The source code files are in the `Scripts` folder.
### IRR
We used the dataset to calculate the IRR of each loan. We used the following information for the dataset: `funded_amnt`(loan amount funded), `int_rate` (all-in interest rate), `term` (tenor of the loan in months), `total_pymnt` (total cumulative amount received from the borrower), `total_rec_prncp` (amount repaid allocated to principal repayment), `total_rec_int` (amount repaid allocated to interest payment), `recoveries` (any amount recovered later from the borrower) and `total_rec_late_fee` (any late payments fees paid by the borrower).
From that information, we recreated a cash flow for each loan. Unfortunately, this R code takes close to a full day to run on the entire dataset of completed loans (i.e. excluding all ongoing loans). This is just impractical for anybody to run to check this report and the resulting IRR results dataset is included in the Github repository. To make things practical, the dataset was actually created using code in Julia^[https://julialang.org/]. It is a direct translation of the R code, with a similar syntax (therefore very easy to follow). The Julia code runs about 500 times quicker (this is not a typo), or about 3 minutes. We appreciate that this is the departure from the assignment description.
Similarly, we calculate the credit margin required by each loan noting that $\text{Risk-free} + \text{Credit Margin} = IRR(loan)$.
### Credit Margins
As noted in the previous section, risk-free rates change over time. When solving for the credit margin, we use the relevant risk-free rate.

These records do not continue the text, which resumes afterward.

(* Let $R\subseteq\mathbb{N}$ be a random set obtained by including each $n\in\mathbb{N}$ in $R$ independently with probability $1/2$. Then $R$ is rich with probability $1$.
   Context: A set $R\subseteq\mathbb{N}$ is rich if for all $s,u,v\in\mathbb{N}$, all $\bar a_0\in\{0,1\}^s\setminus\{\bar0\}$, $\bar a_1,\dots,\bar a_u\in\mathbb{N}^s$ and all $c_1,\dots,c_u\in\mathbb{N}$ with $(\bar a_0,0)\ne(\bar a_i,c_i)$ for all $i\in\{1,\dots,u\}$, there exist $\bar x,\bar y\in(v+\mathbb{N})^s$ (vectors with all entries $\ge v$) such that $\bar a_0^\top\bar x\in R\iff\bar a_0^\top\bar y\notin R$, and $\bar a_i^\top\bar x-c_i\in R\iff\bar a_i^\top\bar y-c_i\in R$ for all $i\in\{1,\dots,u\}$. *)

From HB Require Import structures.
From mathcomp Require Import all_boot all_order all_algebra.
From mathcomp Require Import all_classical all_reals all_analysis.
Set Implicit Arguments. Unset Strict Implicit. Unset Printing Implicit Defensive.
Import Order.TTheory GRing.Theory Num.Theory.
Local Open Scope classical_set_scope.

Definition dotn (s : nat) (a x : 'I_s -> nat) : nat := (\sum_(j < s) a j * x j)%N.

(* "d - c \in R" for natural d, c, where d - c is the integer difference:
   it is in R (a subset of N) iff it is nonnegative and belongs to R *)
Definition shift_in (R : set nat) (d c : nat) : Prop := (c <= d)%N /\ R (d - c)%N.

Definition rich (R : set nat) : Prop :=
  forall (s u v : nat) (a0 : 'I_s -> nat) (a : 'I_u -> 'I_s -> nat) (c : 'I_u -> nat),
    (forall j, (a0 j <= 1)%N) ->
    (exists j, a0 j <> 0%N) ->
    (forall i, ~ ((forall j, a i j = a0 j) /\ c i = 0%N)) ->
    exists x y : 'I_s -> nat,
      (forall j, (v <= x j)%N) /\ (forall j, (v <= y j)%N) /\
      (R (dotn a0 x) <-> ~ R (dotn a0 y)) /\
      (forall i, shift_in R (dotn (a i) x) (c i) <-> shift_in R (dotn (a i) y) (c i)).

Definition mutually_independent_events d (T : measurableType d) (K : realType)
    (P : probability T K) (E : nat -> set T) : Prop :=
  forall I : seq nat, uniq I ->
    P (\bigcap_(i in [set` I]) E i) = (\prod_(i <- I) P (E i))%E.

From HB Require Import structures.
From mathcomp Require Import all_boot all_order all_algebra.
From mathcomp Require Import all_classical all_reals all_analysis.
From mathcomp Require Import zify ring lra.
Set Implicit Arguments. Unset Strict Implicit. Unset Printing Implicit Defensive.
Import Order.TTheory GRing.Theory Num.Theory numFieldNormedType.Exports.
Local Open Scope classical_set_scope.
Local Open Scope ring_scope.

(* Encode coefficient vectors by base-B digits: for x_j = N B^j and
   y_j = N D B^j every linear form gives a.x = N code(a) and a.y = N D code(a),
   and distinct vectors with small entries have distinct codes.  Hence an
   instance is solved at scale N as soon as N code(a_0) lies in R while
   N D code(a_0) and all N code(a_i) - c_i, N D code(a_i) - c_i lie outside R;
   the hypothesis (a_0, 0) <> (a_i, c_i) makes this finite pattern consistent.
   For the scales N = H^(k+1), with H large, the patterns involve pairwise
   disjoint sets of integers, so they are independent events of probability
   at least 2^-m for a fixed m, and almost surely one of them occurs.  As
   there are countably many instances, almost surely all of them are solved. *)

Section DigitCode.
Local Open Scope nat_scope.

Definition digit_code (B : nat) {s : nat} (f : 'I_s -> nat) := \sum_(j < s) f j * B ^ j.

Lemma digit_codeS B s (f : 'I_s.+1 -> nat) :
  digit_code B f = f ord0 + B * digit_code B (fun j => f (lift ord0 j)).
Proof.
rewrite /digit_code big_ord_recl expn0 muln1 big_distrr; congr (_ + _).
by apply: eq_bigr => j _; rewrite lift0 expnS mulnCA.
Qed.

Lemma digit_code_inj B s (f g : 'I_s -> nat) :
  (forall j, f j < B) -> (forall j, g j < B) -> digit_code B f = digit_code B g -> f =1 g.
Proof.
elim: s f g => [|s IH] f g ltfB ltgB; first by move=> _ [].
have B_gt0 : 0 < B by apply: leq_ltn_trans (ltfB ord0).
rewrite !digit_codeS => eq_code.
have eq0 : f ord0 = g ord0.
  have := congr1 (modn^~ B) eq_code.
  by rewrite ![(_ ord0 + _)]addnC ![(B * _)]mulnC !modnMDl !modn_small.
move: eq_code; rewrite eq0 => /addnI /eqP; rewrite eqn_pmul2l // => /eqP eq_tail j.
case: (unliftP ord0 j) => [j'|] ->; last exact: eq0.
exact: (IH (fun j => f (lift ord0 j)) (fun j => g (lift ord0 j))).
Qed.

Lemma digit_code_gt0 B s (f : 'I_s -> nat) :
  0 < B -> (exists j, f j <> 0) -> 0 < digit_code B f.
Proof.
move=> B_gt0 [j /eqP fj_neq0]; rewrite /digit_code (bigD1 j) //=.
by rewrite ltn_addr // muln_gt0 lt0n fj_neq0 expn_gt0 B_gt0.
Qed.

Lemma dotn_geometric s (f : 'I_s -> nat) M B :
  dotn f (fun j => M * B ^ j) = M * digit_code B f.
Proof. by rewrite /dotn /digit_code big_distrr; apply: eq_bigr => j _; rewrite mulnCA. Qed.

End DigitCode.

Section ScalePattern.
Local Open Scope nat_scope.
Variables (l : seq (nat * nat)) (e0 v : nat).

Definition shift_bound := \max_(ec <- l) ec.2.
Definition coef_bound := maxn e0 (\max_(ec <- l) ec.1).
Definition dilation := coef_bound + shift_bound + 1.
Definition scale_base := dilation * coef_bound + shift_bound + v + 1.

Definition active_coefs := [seq ec <- l | 0 < ec.1].

(* Subtraction is truncated, which is harmless: when [c > N * e],
   [shift_in R (N * e) c] fails anyway. *)
Definition negative_keys N :=
  [seq z <- undup ([seq N * ec.1 - ec.2 | ec <- active_coefs]
                   ++ [seq N * dilation * ec.1 - ec.2 | ec <- active_coefs]
                   ++ [:: N * dilation * e0]) | z != N * e0].

Definition scale_pattern N :=
  (N * e0, true) :: [seq (z, false) | z <- negative_keys N].

(* All keys of [scale_pattern N] lie in [N - shift_bound, N * dilation * coef_bound]
   (see [scale_pattern_window]); the ratio [scale_base] between consecutive
   scales makes these windows pairwise disjoint. *)
Definition scaled_pattern k := scale_pattern (scale_base ^ k.+1).

Lemma scale_pattern_keys N : map fst (scale_pattern N) = N * e0 :: negative_keys N.
Proof. by rewrite /= -map_comp map_id. Qed.

Lemma uniq_scale_pattern N : uniq (map fst (scale_pattern N)).
Proof.
by rewrite scale_pattern_keys /= mem_filter eqxx filter_uniq ?undup_uniq.
Qed.

Lemma size_scale_pattern N : size (scale_pattern N) <= (2 * size l).+2.
Proof.
rewrite /= size_map size_filter ltnS; apply: leq_trans (count_size _ _) _.
apply: leq_trans (size_undup _) _; rewrite !size_cat !size_map /=.
have : size active_coefs <= size l by rewrite size_filter count_size.
lia.
Qed.

Lemma active_coef_bounds ec :
  ec \in active_coefs -> [/\ 0 < ec.1, ec.1 <= coef_bound & ec.2 <= shift_bound].
Proof.
rewrite mem_filter => /andP[ec1_gt0 ec_l]; split => //.
  by rewrite leq_max (leq_bigmax_seq (F := fst) ec ec_l) ?orbT.
exact: leq_bigmax_seq ec ec_l isT.
Qed.

Lemma e0_le_coef_bound : e0 <= coef_bound.
Proof. exact: leq_maxl. Qed.

Hypothesis e0_gt0 : 0 < e0.

Lemma scale_pattern_window N z : 0 < N -> z \in map fst (scale_pattern N) ->
  N <= z + shift_bound /\ z <= N * (dilation * coef_bound).
Proof.
move=> N_gt0; have e0_le := e0_le_coef_bound.
have D_gt0 : 0 < dilation by rewrite /dilation addn1.
have le_DE : coef_bound <= dilation * coef_bound by rewrite leq_pmull.
suff window p c : 0 < p <= dilation * coef_bound -> c <= shift_bound ->
    N <= N * p - c + shift_bound /\ N * p - c <= N * (dilation * coef_bound).
  rewrite scale_pattern_keys inE mem_filter mem_undup !mem_cat inE.
  move=> /predU1P[->|/andP[_]].
    by rewrite -[N * e0]subn0; apply: window; rewrite ?e0_gt0 ?(leq_trans e0_le).
  case/or3P=> [/mapP[ec /active_coef_bounds[ec1_gt0 ec1_le ec2_le] ->]|
               /mapP[ec /active_coef_bounds[ec1_gt0 ec1_le ec2_le] ->]|/eqP->].
  - by apply: window; rewrite ?ec1_gt0 ?(leq_trans ec1_le).
  - by rewrite -mulnA; apply: window; rewrite ?muln_gt0 ?D_gt0 ?ec1_gt0 ?leq_mul2l ?ec1_le ?orbT.
  - rewrite -mulnA -[N * _]subn0; apply: window => //.
    by rewrite muln_gt0 D_gt0 e0_gt0 leq_mul2l e0_le orbT.
move=> /andP[p_gt0 p_le] c_le; split; first nia.
by apply: leq_trans (leq_subr _ _) _; rewrite leq_mul2l p_le orbT.
Qed.

Lemma scale_base_le_pow k : scale_base <= scale_base ^ k.+1.
Proof. by rewrite expnS leq_pmulr // expn_gt0 /scale_base addn1. Qed.

Lemma scaled_patterns_disjoint k k' : k < k' ->
  ~~ has (mem (map fst (scaled_pattern k))) (map fst (scaled_pattern k')).
Proof.
move=> lt_kk'; apply/hasPn => z z_k'; apply/negP => z_k.
have H_gt0 : 0 < scale_base by rewrite /scale_base addn1.
have N_gt0 k1 : 0 < scale_base ^ k1.+1 by rewrite expn_gt0 H_gt0.
have [_ z_le] := scale_pattern_window (N_gt0 k) z_k.
have [z_ge _] := scale_pattern_window (N_gt0 k') z_k'.
have : scale_base * scale_base ^ k.+1 <= scale_base ^ k'.+1.
  by rewrite -expnS leq_pexp2l.
move: (scale_base ^ k.+1) (scale_base ^ k'.+1) (N_gt0 k) z_le z_ge => N N' /=.
rewrite /scale_base; nia.
Qed.

Lemma mem_negative_keys_x N e c : shift_bound < N -> (e, c) \in l -> 0 < e ->
  (e != e0) || (0 < c) -> N * e - c \in negative_keys N.
Proof.
move=> lt_CN ec_l e_gt0 ec_neq; rewrite mem_filter mem_undup !mem_cat.
have ec_act : (e, c) \in active_coefs by rewrite mem_filter e_gt0.
rewrite (map_f (fun ec => N * ec.1 - ec.2) ec_act) andbT.
have [_ _ /= c_le] := active_coef_bounds ec_act.
apply/eqP; have [e_eq|e_neq] := eqVneq e e0.
  by rewrite e_eq eqxx /= in ec_neq; rewrite e_eq; nia.
by case: (ltngtP e e0) e_neq => // e_cmp _; nia.
Qed.

Lemma mem_negative_keys_y N e c : 0 < N -> (e, c) \in l -> 0 < e ->
  N * dilation * e - c \in negative_keys N.
Proof.
move=> N_gt0 ec_l e_gt0; rewrite mem_filter mem_undup !mem_cat.
have ec_act : (e, c) \in active_coefs by rewrite mem_filter e_gt0.
rewrite (map_f (fun ec => N * dilation * ec.1 - ec.2) ec_act) orbT andbT.
have [_ _ /= c_le] := active_coef_bounds ec_act.
have := e0_le_coef_bound; rewrite /dilation => e0_le; apply/eqP; nia.
Qed.

Lemma mem_negative_keys_y0 N : 0 < N -> N * dilation * e0 \in negative_keys N.
Proof.
move=> N_gt0; rewrite mem_filter mem_undup !mem_cat inE eqxx !orbT andbT.
have D_gt1 : 1 < dilation by rewrite /dilation addn1 ltnS addn_gt0 (leq_trans e0_gt0) ?leq_maxl.
apply/eqP; nia.
Qed.

End ScalePattern.

Section Instance.
Local Open Scope nat_scope.
Variables (s u v : nat) (a0 : 'I_s -> nat) (a : 'I_u -> 'I_s -> nat) (c : 'I_u -> nat).

Definition instance_base := (maxn (\max_j a0 j) (\max_i \max_j a i j)).+1.

Definition instance_coefs :=
  [seq (digit_code instance_base (a i), c i) | i <- enum 'I_u].

Definition instance_lead := digit_code instance_base a0.

Lemma lt_instance_base0 j : a0 j < instance_base.
Proof. by rewrite ltnS leq_max leq_bigmax. Qed.

Lemma lt_instance_base i j : a i j < instance_base.
Proof.
rewrite ltnS leq_max orbC (leq_trans (leq_bigmax j)) //.
exact: leq_bigmax (fun i => \max_j a i j) i.
Qed.

Hypothesis a0_neq0 : exists j, a0 j <> 0.
Hypothesis a_neq_a0 : forall i, ~ ((forall j, a i j = a0 j) /\ c i = 0).

Lemma instance_lead_gt0 : 0 < instance_lead.
Proof. exact: digit_code_gt0. Qed.

Lemma solve_instance (R : set nat) N :
  scale_base instance_coefs instance_lead v <= N ->
  R (N * instance_lead) ->
  (forall z, z \in negative_keys instance_coefs instance_lead N -> ~ R z) ->
  exists x y : 'I_s -> nat,
    (forall j, v <= x j) /\ (forall j, v <= y j) /\
    (R (dotn a0 x) <-> ~ R (dotn a0 y)) /\
    (forall i, shift_in R (dotn (a i) x) (c i) <-> shift_in R (dotn (a i) y) (c i)).
Proof.
set B := instance_base; set l := instance_coefs; set e0 := instance_lead.
set D := dilation l e0; rewrite /scale_base -/D => le_HN R_lead notR_neg.
have le_vN : v <= N by lia.
have lt_CN : shift_bound l < N by lia.
have N_gt0 : 0 < N by lia.
have B_gt0 : 0 < B by [].
have D_gt0 : 0 < D by rewrite /D /dilation addn1.
exists (fun j => N * B ^ j), (fun j => N * D * B ^ j); rewrite !dotn_geometric.
split; first by move=> j; rewrite (leq_trans le_vN) // leq_pmulr ?expn_gt0 ?B_gt0.
split; first by move=> j; rewrite (leq_trans le_vN) // -mulnA leq_pmulr ?muln_gt0 ?expn_gt0 ?D_gt0 ?B_gt0.
have e0_gt0 : 0 < e0 := instance_lead_gt0.
split; first by split=> // _; apply/notR_neg/mem_negative_keys_y0.
move=> i; rewrite !dotn_geometric.
have [->|ei_gt0] := posnP (digit_code B (a i)); first by rewrite !muln0.
have ec_l : (digit_code B (a i), c i) \in l by apply: map_f; rewrite mem_enum.
suff [notRx notRy] : ~ R (N * digit_code B (a i) - c i) /\
                     ~ R (N * D * digit_code B (a i) - c i).
  by split=> -[_]; [move/notRx | move/notRy].
split; apply: notR_neg; last exact: mem_negative_keys_y.
apply: mem_negative_keys_x => //; rewrite lt0n -negb_and.
apply/negP => /andP[/eqP eq_code /eqP ci0]; apply: (@a_neq_a0 i); split => //.
exact: digit_code_inj (lt_instance_base i) lt_instance_base0 eq_code.
Qed.

End Instance.

Lemma lb_expr_le0 (R : realType) (q y : R) :
  0 <= q < 1 -> (forall n, y <= q ^+ n) -> y <= 0.
Proof.
move=> /andP[q_ge0 q_lt1] y_le.
have q_cvg : (GRing.exp q : R ^nat) @ \oo --> 0 by apply: cvg_expr; rewrite ger0_norm.
have <- := cvg_lim _ q_cvg.
apply: limr_ge; first by apply/cvg_ex; exists 0.
by near=> n; exact: y_le.
Unshelve. all: by end_near.
Qed.

Lemma probabilityD d (T : measurableType d) (R : realType) (P : probability T R)
    (A B : set T) :
  measurable A -> measurable B -> P (A `\` B) = (P A - P (A `&` B))%E.
Proof.
move=> mA mB; apply: measureD => //.
by apply: le_lt_trans (probability_le1 P mA) _; rewrite ltry.
Qed.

Again, this was coded in Julia. The Julia code here takes about 1h20min to run. On the assumptions that the equivalent R code would take therefore almost 30 days to run through the full dataset, we did not write any R code for this calculation.
### NPV
We also calculated the NPV of each loan, both as an absolute dollar amount and as a portion of the original. Again, this was coded in Julia. Visualisations based on the credit margins and NPV are in the next section.